**Problem statement**
Exactly the lines from the start of the data through the line containing "forall s, T" should be output, with both ends kept and nothing added.

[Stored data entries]
(* If $f_0, f_1, \dots : X \to \mathbb{R}$ are limsup functions converging uniformly to $f : X \to \mathbb{R}$, then $f$ is a limsup function.
   Context: Let $A$ be a non-empty countable set and $T$ a pruned tree on $A$ (a set of finite sequences of elements of $A$, closed under initial segments, in which every sequence has a proper extension in $T$). Let $X$ be the set of infinite branches of $T$, with the topology generated by the cylinder sets $O(s) = \{x \in X : s \text{ is an initial segment of } x\}$, $s \in T$. A function $f : X \to \mathbb{R}$ is a limsup function if there exists $u : T \to \mathbb{R}$ with $f(x) = \limsup_{t\to\infty} u(x_0,\dots,x_t)$ for every $x \in X$. *)

From HB Require Import structures.
From mathcomp Require Import all_boot all_order all_algebra.
From mathcomp Require Import all_classical all_reals all_analysis.
Set Implicit Arguments. Unset Strict Implicit. Unset Printing Implicit Defensive.
Import Order.TTheory GRing.Theory Num.Theory.
Local Open Scope ring_scope.

Definition is_tree (A : Type) (T : seq A -> Prop) : Prop :=
  forall s n, T s -> T (take n s).

Definition pruned (A : Type) (T : seq A -> Prop) : Prop :=
  forall s, T s -> exists t, t <> [::] /\ T (s ++ t).

Definition is_branch (A : Type) (T : seq A -> Prop) (x : nat -> A) : Prop :=
  forall n, T (mkseq x n).

Definition branches (A : Type) (T : seq A -> Prop) :=
  {x : nat -> A | is_branch T x}.

(* f : X -> R is a limsup function: there is u : T -> R with
   f x = limsup_{t -> oo} u (x_0, ..., x_t) for all x in X.
   u is given as a function on all of seq A; only its values on T matter,
   since every (x_0,...,x_t) of a branch lies in T. *)
Definition limsup_fun (R : realType) (A : Type) (T : seq A -> Prop)
    (f : branches T -> R) : Prop :=
  exists u : seq A -> R, forall x : branches T,
    ((f x)%:E = limn_esup (fun t : nat => (u (mkseq (proj1_sig x) t.+1))%:E))%E.

From HB Require Import structures.
From mathcomp Require Import all_boot all_order all_algebra.
From mathcomp Require Import all_classical all_reals all_analysis.
From mathcomp Require Import zify lra.
Set Implicit Arguments. Unset Strict Implicit. Unset Printing Implicit Defensive.
Import Order.TTheory GRing.Theory Num.Theory.
Local Open Scope ring_scope.
Local Open Scope classical_set_scope.

(* Pass to a subsequence g_k := fs (N k) with |g_k - f| < eps_k := 1/(k+1)
   and choose witnesses w_k with g_k x = limsup_t w_k (x_0..x_t).  Call a
   prefix s a "c-hit of w_k" when c - eps_k < w_k s.  Along a branch x:
   - if c < f x, every w_k has infinitely many c-hits (hits_io);
   - if c > f x + 2 eps_k, then w_k has only finitely many c-hits
     (hits_finite).
   These infinitary conditions are merged into one limsup by a counting code:
   level m is reached for c at s when each of w_0, ..., w_m has at least m
   c-hits among the prefixes of s, and u(s) is the largest q_j (q enumerates
   the rationals, j < |s|) such that some level m >= j is reached for q_j
   exactly at s.  When every w_k hits infinitely often, every level is
   eventually reached, so u >= q_j infinitely often (code_io_ge); when one
   w_k hits finitely often, reachable levels are bounded and u eventually
   stays below any bound b >= c (code_eventually_lt).  A squeeze between
   rationals (limn_esup_squeeze) then gives f x = limsup_t u (x_0..x_t). *)

Definition infinitely_often (P : nat -> Prop) : Prop :=
  forall N, exists2 t, (N <= t)%N & P t.

Section LimsupFacts.
Variable R : realType.
Local Open Scope ereal_scope.
Implicit Types (u : (\bar R)^nat) (b : \bar R).

Lemma limn_esupE u : limn_esup u = ereal_inf (range (esups u)).
Proof. by rewrite limn_esup_lim; apply: cvg_lim => //; exact: cvg_esups_inf. Qed.

Lemma limn_esup_lt_ev u b : limn_esup u < b -> \forall t \near \oo, u t < b.
Proof.
rewrite limn_esupE => /ereal_inf_lt[_ [n _ <-]] hn; exists n => // k nk.
by apply: le_lt_trans hn; apply: ereal_sup_ubound; exists k.
Qed.

Lemma limn_esup_gt_io u b : b < limn_esup u -> infinitely_often (fun t => b < u t).
Proof.
rewrite limn_esupE => hb n.
have : b < esups u n by apply: lt_le_trans hb _; apply: ereal_inf_lbound; exists n.
by move=> /ereal_sup_gt[_ [k nk <-]] bk; exists k.
Qed.

Lemma limn_esup_le_ev u b : (\forall t \near \oo, u t <= b) -> limn_esup u <= b.
Proof.
move=> [n _ hn]; rewrite limn_esupE; apply: (@le_trans _ _ (esups u n)).
  by apply: ereal_inf_lbound; exists n.
by apply: ge_ereal_sup => _ [k nk <-]; apply: hn.
Qed.

Lemma limn_esup_ge_io u b : infinitely_often (fun t => b <= u t) -> b <= limn_esup u.
Proof.
move=> h; rewrite limn_esupE; apply: le_ereal_inf_tmp => _ [n _ <-].
have [k nk bk] := h n; apply: le_trans bk _; apply: ereal_sup_ubound; exists k => //.
Qed.

End LimsupFacts.

Section CountingAlongNat.
Variable P : pred nat.

Lemma count_iotaS t : count P (iota 0 t.+1) = (count P (iota 0 t) + P t)%N.
Proof. by rewrite -addn1 iotaD count_cat /= addn0. Qed.

Lemma count_iota_mono t t' : (t <= t')%N -> (count P (iota 0 t) <= count P (iota 0 t'))%N.
Proof. by move=> tt'; rewrite -(subnKC tt') iotaD count_cat leq_addr. Qed.

Lemma count_io_unbounded : infinitely_often P ->
  forall m, \forall t \near \oo, (m <= count P (iota 0 t))%N.
Proof.
move=> Pio; elim=> [|m [N _ IH]]; first exact: nearW.
have [t Nt Pt] := Pio N; exists t.+1 => // t' /= tt'.
apply: leq_trans _ (count_iota_mono tt'); rewrite count_iotaS Pt addn1 ltnS.
exact: IH.
Qed.

Lemma count_eventually_false_bounded : (\forall t \near \oo, ~~ P t) ->
  exists B, forall t, (count P (iota 0 t) <= B)%N.
Proof.
move=> [N _ notP]; exists N => t; case: (leqP t N) => [tN|Nt].
  by rewrite (leq_trans (count_size _ _)) // size_iota.
rewrite -(subnKC (ltnW Nt)) iotaD count_cat.
have -> : count P (iota (0 + N) (t - N)) = 0%N.
  rewrite (@eq_in_count _ _ pred0) ?count_pred0 // => i.
  by rewrite mem_iota add0n => /andP[Ni _]; apply/negbTE/notP.
by rewrite addn0 (leq_trans (count_size _ _)) // size_iota.
Qed.

End CountingAlongNat.

Lemma nondecreasing_bool_stable (b : nat -> bool) : (forall t, b t -> b t.+1) ->
  \forall t \near \oo, b t.+1 = b t.
Proof.
move=> bS; have [[t0 bt0]|never] := pselect (exists t, b t); last first.
  have bF t : b t = false by apply/negP => bt; apply: never; exists t.
  by apply: nearW => t; rewrite !bF.
have always t : (t0 <= t)%N -> b t.
  by elim: t => [|t IH]; [rewrite leqn0 => /eqP <-|rewrite leq_eqVlt => /orP[/eqP <-|/IH/bS]].
by exists t0 => // t /= t0t; rewrite !always // leqW.
Qed.

Lemma take_mkseq (A : Type) (x : nat -> A) i n : (i <= n)%N ->
  take i (mkseq x n) = mkseq x i.
Proof. by move=> le_in; rewrite /mkseq -map_take take_iota (minn_idPl le_in). Qed.

Section CountingCode.
Variables (R : realType) (A : Type) (hit : R -> nat -> seq A -> bool) (q : nat -> R).
Hypothesis hit_anti : forall c c' k s, c <= c' -> hit c' k s -> hit c k s.

Definition hits c k s : nat :=
  count (fun i => hit c k (take i.+1 s)) (iota 0 (size s)).

Definition reached c s m : bool := all (fun k => m <= hits c k s)%N (iota 0 m.+1).

Definition fresh c s j : bool :=
  has (fun m => reached c s m && ~~ reached c (take (size s).-1 s) m)
      (iota j (size s).+1).

Definition code s : R :=
  \big[Num.max/ - (size s)%:R]_(j < size s | fresh (q j) s j) q j.

Lemma reached_le_size c s m : reached c s m -> (m <= size s)%N.
Proof.
move=> /allP /(_ 0%N); rewrite mem_iota => /(_ isT) m_le.
by rewrite (leq_trans m_le) // /hits (leq_trans (count_size _ _)) // size_iota.
Qed.

Lemma reached_anti c c' s m : c <= c' -> reached c' s m -> reached c s m.
Proof.
move=> le_cc' /allP reached_c'; apply/allP => k k_in.
apply: leq_trans (reached_c' k k_in) _; apply: sub_count => i.
exact: hit_anti.
Qed.

Variable x : nat -> A.
Local Notation pref t := (mkseq x t).

Lemma hits_pref c k t :
  hits c k (pref t) = count (fun i => hit c k (pref i.+1)) (iota 0 t).
Proof.
rewrite /hits size_mkseq; apply: eq_in_count => i.
by rewrite mem_iota add0n => lt_it; rewrite take_mkseq.
Qed.

Lemma reached_pref_mono c m t t' : (t <= t')%N ->
  reached c (pref t) m -> reached c (pref t') m.
Proof.
move=> le_tt' /allP reached_t; apply/allP => k k_in.
by rewrite hits_pref (leq_trans _ (count_iota_mono _ le_tt')) // -hits_pref reached_t.
Qed.

Lemma take_pref_last t : take (size (pref t.+1)).-1 (pref t.+1) = pref t.
Proof. by rewrite size_mkseq take_mkseq. Qed.

Lemma reached_eventually c m :
  (forall k, infinitely_often (fun t => hit c k (pref t.+1))) ->
  \forall t \near \oo, reached c (pref t) m.
Proof.
move=> hit_io.
have ranks_ev : \forall t \near \oo, forall k : 'I_m.+1, (m <= hits c k (pref t))%N.
  apply: filter_forall => k; have := count_io_unbounded (hit_io k) m.
  by apply: filterS => t; rewrite hits_pref.
apply: filterS ranks_ev => t ranks; apply/allP => k; rewrite mem_iota add0n => lt_km.
exact: (ranks (Ordinal lt_km)).
Qed.

(* The first time level j + N + 1 is reached for q_j is a fresh time, so
   q_j is a lower bound for the code infinitely often. *)
Lemma code_io_ge j :
  (forall k, infinitely_often (fun t => hit (q j) k (pref t.+1))) ->
  infinitely_often (fun t => q j <= code (pref t.+1)).
Proof.
move=> hit_io N; set m := (j + N).+1.
have [t0 _ reached_t0] := reached_eventually m hit_io.
have [[|t] reached_t t_min] := ex_minnP (ex_intro _ t0 (reached_t0 t0 (leqnn t0))).
  by have := reached_le_size reached_t; rewrite size_mkseq.
have le_mt : (m <= t.+1)%N.
  by rewrite -[t.+1](size_mkseq x); exact: reached_le_size reached_t.
have [le_Nt lt_jt le_jm lt_m] :
    [/\ (N <= t)%N, (j < t.+1)%N, (j <= m)%N & (m < j + t.+2)%N].
  by move: le_mt; rewrite /m; split; lia.
exists t => //; have lt_j : (j < size (pref t.+1))%N by rewrite size_mkseq.
rewrite /code; apply: (@le_bigmax_cond _ _ _ _ (Ordinal lt_j)) => /=.
apply/hasP; exists m; first by rewrite mem_iota size_mkseq le_jm.
by rewrite take_pref_last reached_t /=; apply/negP => /t_min; rewrite ltnn.
Qed.

(* If some rank k0 hits only finitely often for c, the levels reachable for
   thresholds c' >= c are bounded, and each of the finitely many relevant
   levels is reached at most once: eventually nothing is fresh above c. *)
Lemma fresh_eventually_below c k0 :
  (\forall t \near \oo, ~~ hit c k0 (pref t.+1)) ->
  \forall t \near \oo, forall j, c <= q j -> ~~ fresh (q j) (pref t.+1) j.
Proof.
move=> nohit.
have [B hits_le] : exists B, forall t, (hits c k0 (pref t) <= B)%N.
  have [B count_le] := count_eventually_false_bounded nohit.
  by exists B => t; rewrite hits_pref.
set M := (k0 + B)%N.
have level_le c' t m : c <= c' -> reached c' (pref t) m -> (m <= M)%N.
  move=> le_cc' /(reached_anti le_cc') /allP reached_c.
  case: (leqP k0 m) => [le_k0m|lt_mk0]; last by rewrite ltnW // ltn_addr.
  have := reached_c k0; rewrite mem_iota add0n ltnS le_k0m => /(_ isT) le_m.
  by rewrite (leq_trans (leq_trans le_m (hits_le t))) // leq_addl.
have stable : \forall t \near \oo, forall p : 'I_M.+1 * 'I_M.+1,
    reached (q p.1) (pref t.+1) p.2 = reached (q p.1) (pref t) p.2.
  apply: filter_forall => p; apply: nondecreasing_bool_stable => t.
  exact: reached_pref_mono (leqnSn t).
apply: filterS stable => t stable j le_cq; apply/hasPn => m.
rewrite mem_iota take_pref_last => /andP[le_jm _].
apply/negP => /andP[reached_t1 not_reached_t].
have lt_mM : (m < M.+1)%N by rewrite ltnS (level_le _ _ _ le_cq reached_t1).
have lt_jM : (j < M.+1)%N by apply: leq_ltn_trans lt_mM.
have /= := stable (Ordinal lt_jM, Ordinal lt_mM).
by rewrite reached_t1 (negbTE not_reached_t).
Qed.

Lemma code_eventually_lt c k0 b :
  (\forall t \near \oo, ~~ hit c k0 (pref t.+1)) -> c <= b ->
  \forall t \near \oo, code (pref t.+1) < b.
Proof.
move=> nohit le_cb.
apply: filterS2 (fresh_eventually_below nohit) (nbhs_infty_gtr (- b)).
move=> t fresh_below lt_bt; apply: bigmax_lt => [|j fresh_j].
  by rewrite size_mkseq ltrNl (lt_le_trans lt_bt) // ler_nat.
rewrite (lt_le_trans _ le_cb) // ltNge; apply/negP => le_cq.
by have := fresh_below j le_cq; rewrite fresh_j.
Qed.

End CountingCode.

Lemma limn_esup_squeeze (R : realType) (u : nat -> R) (y : R) :
  (forall r : rat, ratr r < y -> infinitely_often (fun t => ratr r <= u t)) ->
  (forall b, y < b -> \forall t \near \oo, u t < b) ->
  limn_esup (fun t => (u t)%:E) = y%:E.
Proof.
move=> lower upper; apply/eqP; rewrite eq_le; apply/andP; split.
  apply/lee_addgt0Pr => e e_gt0; apply: limn_esup_le_ev.
  apply: filterS (upper (y + e) _); last by rewrite ltrDl.
  by move=> t /ltW; rewrite lee_fin.
apply/lee_subgt0Pr => e e_gt0.
have lt_y : y - e < y by rewrite ltrBlDr ltrDl.
have [r] := rat_in_itvoo lt_y.
rewrite in_itv /= => /andP[lt_er lt_ry].
apply: (@le_trans _ _ (ratr r)%:E); first by rewrite lee_fin ltW.
apply: limn_esup_ge_io => N; have [t Nt le_rt] := lower r lt_ry N.
by exists t; rewrite ?lee_fin.
Qed.

Section Approximation.
Variables (R : realType) (A : Type) (w : nat -> seq A -> R) (eps : nat -> R).
Variables (x : nat -> A) (g : nat -> R) (y : R).
Hypothesis w_limsup : forall k, (g k)%:E = limn_esup (fun t => (w k (mkseq x t.+1))%:E).
Hypothesis g_close : forall k, `|g k - y| < eps k.

Lemma hits_io c k : c < y -> infinitely_often (fun t => c - eps k < w k (mkseq x t.+1)).
Proof.
move=> lt_cy.
have : ((c - eps k)%:E < limn_esup (fun t => (w k (mkseq x t.+1))%:E))%E.
  by rewrite -w_limsup lte_fin; move: (g_close k); rewrite ltr_norml => /andP[]; lra.
by move=> /limn_esup_gt_io io N; have [t Nt] := io N; rewrite lte_fin; exists t.
Qed.

Lemma hits_finite c k : 2 * eps k < c - y ->
  \forall t \near \oo, ~~ (c - eps k < w k (mkseq x t.+1)).
Proof.
move=> small.
have : (limn_esup (fun t => (w k (mkseq x t.+1))%:E) < (c - eps k)%:E)%E.
  by rewrite -w_limsup lte_fin; move: (g_close k); rewrite ltr_norml => /andP[]; lra.
by move=> /limn_esup_lt_ev; apply: filterS => t; rewrite lte_fin -leNgt => /ltW.
Qed.

End Approximation.

Theorem mainTheorem4 (R : realType) (A : countType) (a0 : A)
    (T : seq A -> Prop) (HT : is_tree T) (HP : pruned T)
    (fs : nat -> branches T -> R) (f : branches T -> R) :
  (forall n, limsup_fun (fs n)) ->
  (forall e : R, 0 < e -> exists N : nat, forall n : nat, (N <= n)%N ->
     forall x : branches T, `|fs n x - f x| < e) ->
  limsup_fun f.
Proof.
move=> limsup_fs unif.
pose eps k : R := k.+1%:R^-1.
have eps_gt0 k : 0 < eps k by rewrite invr_gt0 ltr0n.
have [N close] := choice (fun k => unif (eps k) (eps_gt0 k)).
have [w w_limsup] := choice (fun k => limsup_fs (N k)).
pose q j : R := ratr (odflt 0 (unpickle j)).
have qE r : q (pickle r) = ratr r by rewrite /q pickleK.
pose hit c k s := c - eps k < w k s.
have hit_anti c c' k s : c <= c' -> hit c' k s -> hit c k s.
  by move=> le_cc'; apply: le_lt_trans; rewrite lerD2r.
exists (code hit q) => x; symmetry.
have x_limsup k := w_limsup k x.
have x_close k := close k _ (leqnn _) x.
apply: limn_esup_squeeze.
  (* below f x: the rational r = q (pickle r) is a limsup lower bound *)
  move=> r lt_rf; rewrite -qE; apply: code_io_ge => k; rewrite qE.
  exact: hits_io x_limsup x_close _ _ lt_rf.
(* above f x: some rank k0 hits only finitely often for a rational r < b *)
move=> b lt_fb; have [r] := rat_in_itvoo lt_fb; rewrite in_itv /= => /andP[lt_fr lt_rb].
have half_gt0 : 0 < (ratr r - f x) / 2 by rewrite divr_gt0 // subr_gt0.
have [k0 _ eps_small] := near_infty_natSinv_lt (PosNum half_gt0).
apply: (code_eventually_lt q hit_anti (k0 := k0) _ (ltW lt_rb)).
apply: hits_finite x_limsup x_close _ _ _.
by have /= := eps_small k0 (leqnn _); rewrite -/(eps k0); lra.
Qed.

**Output for this task**
(* If $f_0, f_1, \dots : X \to \mathbb{R}$ are limsup functions converging uniformly to $f : X \to \mathbb{R}$, then $f$ is a limsup function.
   Context: Let $A$ be a non-empty countable set and $T$ a pruned tree on $A$ (a set of finite sequences of elements of $A$, closed under initial segments, in which every sequence has a proper extension in $T$). Let $X$ be the set of infinite branches of $T$, with the topology generated by the cylinder sets $O(s) = \{x \in X : s \text{ is an initial segment of } x\}$, $s \in T$. A function $f : X \to \mathbb{R}$ is a limsup function if there exists $u : T \to \mathbb{R}$ with $f(x) = \limsup_{t\to\infty} u(x_0,\dots,x_t)$ for every $x \in X$. *)

From HB Require Import structures.
From mathcomp Require Import all_boot all_order all_algebra.
From mathcomp Require Import all_classical all_reals all_analysis.
Set Implicit Arguments. Unset Strict Implicit. Unset Printing Implicit Defensive.
Import Order.TTheory GRing.Theory Num.Theory.
Local Open Scope ring_scope.

Definition is_tree (A : Type) (T : seq A -> Prop) : Prop :=
  forall s n, T s -> T (take n s).

Definition pruned (A : Type) (T : seq A -> Prop) : Prop :=
  forall s, T s -> exists t, t <> [::] /\ T (s ++ t).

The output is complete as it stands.